(* Let $s>0$ be an integer, $K$ a field, and $A=K[[XY^i\mid 0\le i\le 2s+1]]\subseteq K[[X,Y]]$ (a two-dimensional Cohen--Macaulay local normal domain). Set $I=(XY^i\mid 0\le i\le s)+(XY^{2s+1})$ and $Q=(X,XY^{2s+1})$. Then: (a) $I^2\subseteq Q$ and $\ell_A(I^2/QI)=s$; in particular $\mathcal{G}(I)$ is not Cohen--Macaulay; (b) $I^3=QI^2$; (c) $\ell_A(A/I^{n+1})=(2s+1)\binom{n+2}{2}-2s\binom{n+1}{1}+s$ for all $n\ge0$; (d) $\operatorname{depth}\mathcal{G}(I)=1$.
   Context: $\mathcal{G}(I)=\bigoplus_{n\ge0}I^n/I^{n+1}$ is the associated graded ring of $I$. *)

From mathcomp Require Import all_boot all_order all_algebra.
Set Implicit Arguments. Unset Strict Implicit. Unset Printing Implicit Defensive.
Import GRing.Theory.
Local Open Scope ring_scope.

Section PowerSeries.
Variable K : fieldType.

(* formal power series in X, Y: f a b = coefficient of X^a Y^b *)
Definition ps := nat -> nat -> K.
Definition ps0 : ps := fun _ _ => 0.
Definition ps1 : ps := fun a b => if (a == 0%N) && (b == 0%N) then 1 else 0.
Definition psadd (f g : ps) : ps := fun a b => f a b + g a b.
Definition psopp (f : ps) : ps := fun a b => - f a b.
Definition psmul (f g : ps) : ps := fun a b =>
  \sum_(i < a.+1) \sum_(j < b.+1) f i j * g (a - i)%N (b - j)%N.
Definition XY (i : nat) : ps := fun a b => if (a == 1%N) && (b == i) then 1 else 0.

Definition psum (n : nat) (F : nat -> ps) : ps := \big[psadd/ps0]_(k < n) F k.

Variable s : nat.

(* (a,b) lies in the monoid generated by the exponents (1,i), 0 <= i <= 2s+1 *)
Definition inS (a b : nat) : Prop :=
  exists l : seq nat, all (fun i => i <= 2 * s + 1)%N l /\ size l = a /\ sumn l = b.

Definition inA (f : ps) : Prop := forall a b, f a b != 0 -> inS a b.

Definition genA (n : nat) (g : nat -> ps) (f : ps) : Prop :=
  exists c : nat -> ps, (forall k, inA (c k)) /\ f = psum n (fun k => psmul (c k) (g k)).

Definition prodI (I J : ps -> Prop) (f : ps) : Prop :=
  exists n (x y : nat -> ps), (forall k, (k < n)%N -> I (x k) /\ J (y k)) /\
    f = psum n (fun k => psmul (x k) (y k)).

Fixpoint powI (I : ps -> Prop) (n : nat) : ps -> Prop :=
  match n with 0 => inA | m.+1 => prodI (powI I m) I end.

Definition isIdealA (J : ps -> Prop) : Prop :=
  (forall f, J f -> inA f) /\ J ps0 /\ (forall f g, J f -> J g -> J (psadd f g)) /\
  (forall a f, inA a -> J f -> J (psmul a f)).

Definition sameP {T} (P R : T -> Prop) := forall x, P x <-> R x.
Definition strictsub {T} (P R : T -> Prop) :=
  (forall x, P x -> R x) /\ exists x, R x /\ ~ P x.

Definition chainA (M N : ps -> Prop) (l : nat) (J : nat -> ps -> Prop) : Prop :=
  sameP (J 0%N) M /\ sameP (J l) N /\ (forall k, (k <= l)%N -> isIdealA (J k)) /\
  (forall k, (k < l)%N -> strictsub (J k) (J k.+1)).

Definition lenA (M N : ps -> Prop) (l : nat) : Prop :=
  (exists J, chainA M N l J) /\ (forall m J, chainA M N m J -> (m <= l)%N).

Definition inm (f : ps) : Prop := inA f /\ f 0%N 0%N = 0.

Variable I : ps -> Prop.

(* representatives: g n is a representative of the degree n component *)
Definition grr := nat -> ps.
Definition Gel (g : grr) : Prop :=
  (forall n, powI I n (g n)) /\ exists N, forall n, (N <= n)%N -> powI I n.+1 (g n).
Definition geq (g h : grr) : Prop := forall n, powI I n.+1 (psadd (g n) (psopp (h n))).
Definition gzero : grr := fun _ => ps0.
Definition gone : grr := fun n => if n == 0%N then ps1 else ps0.
Definition gadd (g h : grr) : grr := fun n => psadd (g n) (h n).
Definition gmul (g h : grr) : grr := fun n =>
  \big[psadd/ps0]_(i < n.+1) psmul (g i) (h (n - i)%N).
Definition gsum (n : nat) (F : nat -> grr) : grr := \big[gadd/gzero]_(k < n) F k.

(* homogeneous maximal ideal  M = m/I (+) G_+ *)
Definition Gmax (g : grr) : Prop := Gel g /\ inm (g 0%N).

Definition isIdealG (P : grr -> Prop) : Prop :=
  (forall g, P g -> Gel g) /\ (forall g h, P g -> Gel h -> geq g h -> P h) /\
  P gzero /\ (forall g h, P g -> P h -> P (gadd g h)) /\
  (forall a g, Gel a -> P g -> P (gmul a g)).

Definition genG (n : nat) (x : nat -> grr) (h : grr) : Prop :=
  Gel h /\ exists c : nat -> grr, (forall k, (k < n)%N -> Gel (c k)) /\
    geq h (gsum n (fun k => gmul (c k) (x k))).

Definition regG (n : nat) (x : nat -> grr) : Prop :=
  (forall k, (k < n)%N -> Gmax (x k)) /\
  (forall k, (k < n)%N -> forall y, Gel y -> genG k x (gmul (x k) y) -> genG k x y) /\
  ~ genG n x gone.

Definition depthG (d : nat) : Prop :=
  (exists x, regG d x) /\ (forall n x, regG n x -> (n <= d)%N).

Definition isPrimeG (P : grr -> Prop) : Prop :=
  isIdealG P /\ ~ P gone /\
  (forall g h, Gel g -> Gel h -> P (gmul g h) -> P g \/ P h).

Definition chainG (d : nat) (P : nat -> grr -> Prop) : Prop :=
  (forall k, (k <= d)%N -> isPrimeG (P k)) /\
  (forall k, (k < d)%N -> strictsub (P k) (P k.+1)).

Definition dimG (d : nat) : Prop :=
  (exists P, chainG d P) /\ (forall e P, chainG e P -> (e <= d)%N).

Definition CMG : Prop := exists d, depthG d /\ dimG d.

End PowerSeries.

Definition Igens (K : fieldType) (s : nat) (k : nat) : ps K :=
  if (k <= s)%N then XY K k else XY K (2 * s + 1).
Definition Iid (K : fieldType) (s : nat) : ps K -> Prop := genA s (s.+2) (Igens K s).
Definition Qgens (K : fieldType) (s : nat) (k : nat) : ps K :=
  if k == 0%N then XY K 0 else XY K (2 * s + 1).
Definition Qid (K : fieldType) (s : nat) : ps K -> Prop := genA s 2 (Qgens K s).
Arguments Iid : clear implicits.
Arguments Qid : clear implicits.

From Pilot Require Import Defs.
From mathcomp Require Import all_boot all_order all_algebra zify.
From Stdlib Require Import FunctionalExtensionality IndefiniteDescription.
Set Implicit Arguments. Unset Strict Implicit. Unset Printing Implicit Defensive.
Import GRing.Theory.
Local Open Scope ring_scope.

(* Everything is monomial.  A consists of the series supported in the cone
   b <= (2s+1) a, and dividing a series term by term by the generators
   X Y^t shows that I^n is the set of series supported in the exponent set
   powExp n (the cone beyond X-degree n, and in X-degree n the cone minus the
   gap (2s+1) n - s <= b < (2s+1) n); likewise for Q, QI and QI^2.  Then:
   - (a1) and (b) are inclusions of exponent sets;
   - lengths: for monomial ideals M <= N, ell(N/M) is the number of monomials
     in N \ M (lenA_monomial: adding them in order of decreasing X-degree
     gives a composition series, and a rank argument bounds every chain),
     which gives (a2) with s gap monomials and (c) by counting;
   - (d): the initial form f of X Y^(2s+1) is a nonzerodivisor on G(I), while
     the class w of X Y^(2s) in A/I satisfies w M <= f G(I) without lying in
     f G(I), which rules out regular sequences of length 2;
   - G(I) is not Cohen-Macaulay: the diagonal coefficients give a ring map
     onto K[T, Y], whose primes 0 < (Y) < (T, Y) pull back to a chain of
     length 2, so dim G(I) >= 2 > depth G(I). *)

Section PowerSeriesArithmetic.
Variable K : fieldType.
Implicit Types f g h : ps K.

Lemma coef_bigps (T : Type) (r : seq T) (P : pred T) (F : T -> ps K) a b :
  (\big[@psadd K/@ps0 K]_(i <- r | P i) F i) a b = \sum_(i <- r | P i) F i a b.
Proof. by rewrite (big_morph (fun f : ps K => f a b) (id1 := 0) (op1 := +%R)). Qed.

Lemma coef_psum n (F : nat -> ps K) a b : psum n F a b = \sum_(k < n) F k a b.
Proof. by rewrite /psum coef_bigps. Qed.

Lemma sum_delta (m k : nat) (F : nat -> K) :
  \sum_(i < m) (if i == k :> nat then F i else 0) = if (k < m)%N then F k else 0.
Proof.
have [km|mk] := ltnP k m.
  rewrite (bigD1 (Ordinal km)) //= eqxx big1 ?addr0 // => i ik.
  by case: eqP => // Eik; case/eqP: ik; apply: val_inj.
by rewrite big1 // => i _; case: eqP => // Eik; move: (ltn_ord i); rewrite Eik ltnNge mk.
Qed.

Lemma sum_neq0 (n : nat) (F : 'I_n -> K) :
  \sum_(i < n) F i != 0 -> exists i, F i != 0.
Proof.
move=> Fneq0; have [i Fi|F0] := pickP (fun i : 'I_n => F i != 0); first by exists i.
by case/eqP: Fneq0; apply: big1 => i _; move: (F0 i) => /negbFE/eqP.
Qed.

(* Bivariate polynomials are power series; conversely, every coefficient of a
   product of series only depends on a finite truncation.  This transfers
   commutativity of {poly {poly K}} to psmul. *)
Definition ps_of_poly (p : {poly {poly K}}) : ps K := fun i j => p`_i`_j.
Definition truncate (N : nat) f : {poly {poly K}} := \poly_(i < N) \poly_(j < N) f i j.

Lemma ps_of_truncate N f i j :
  (i < N)%N -> (j < N)%N -> ps_of_poly (truncate N f) i j = f i j.
Proof. by move=> iN jN; rewrite /ps_of_poly /truncate coef_poly iN coef_poly jN. Qed.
----
**Your assignment:** Whenever "Cohen" shows up in a line of the listing, copy that whole line.

**Answer section:**
(* Let $s>0$ be an integer, $K$ a field, and $A=K[[XY^i\mid 0\le i\le 2s+1]]\subseteq K[[X,Y]]$ (a two-dimensional Cohen--Macaulay local normal domain). Set $I=(XY^i\mid 0\le i\le s)+(XY^{2s+1})$ and $Q=(X,XY^{2s+1})$. Then: (a) $I^2\subseteq Q$ and $\ell_A(I^2/QI)=s$; in particular $\mathcal{G}(I)$ is not Cohen--Macaulay; (b) $I^3=QI^2$; (c) $\ell_A(A/I^{n+1})=(2s+1)\binom{n+2}{2}-2s\binom{n+1}{1}+s$ for all $n\ge0$; (d) $\operatorname{depth}\mathcal{G}(I)=1$.
   - G(I) is not Cohen-Macaulay: the diagonal coefficients give a ring map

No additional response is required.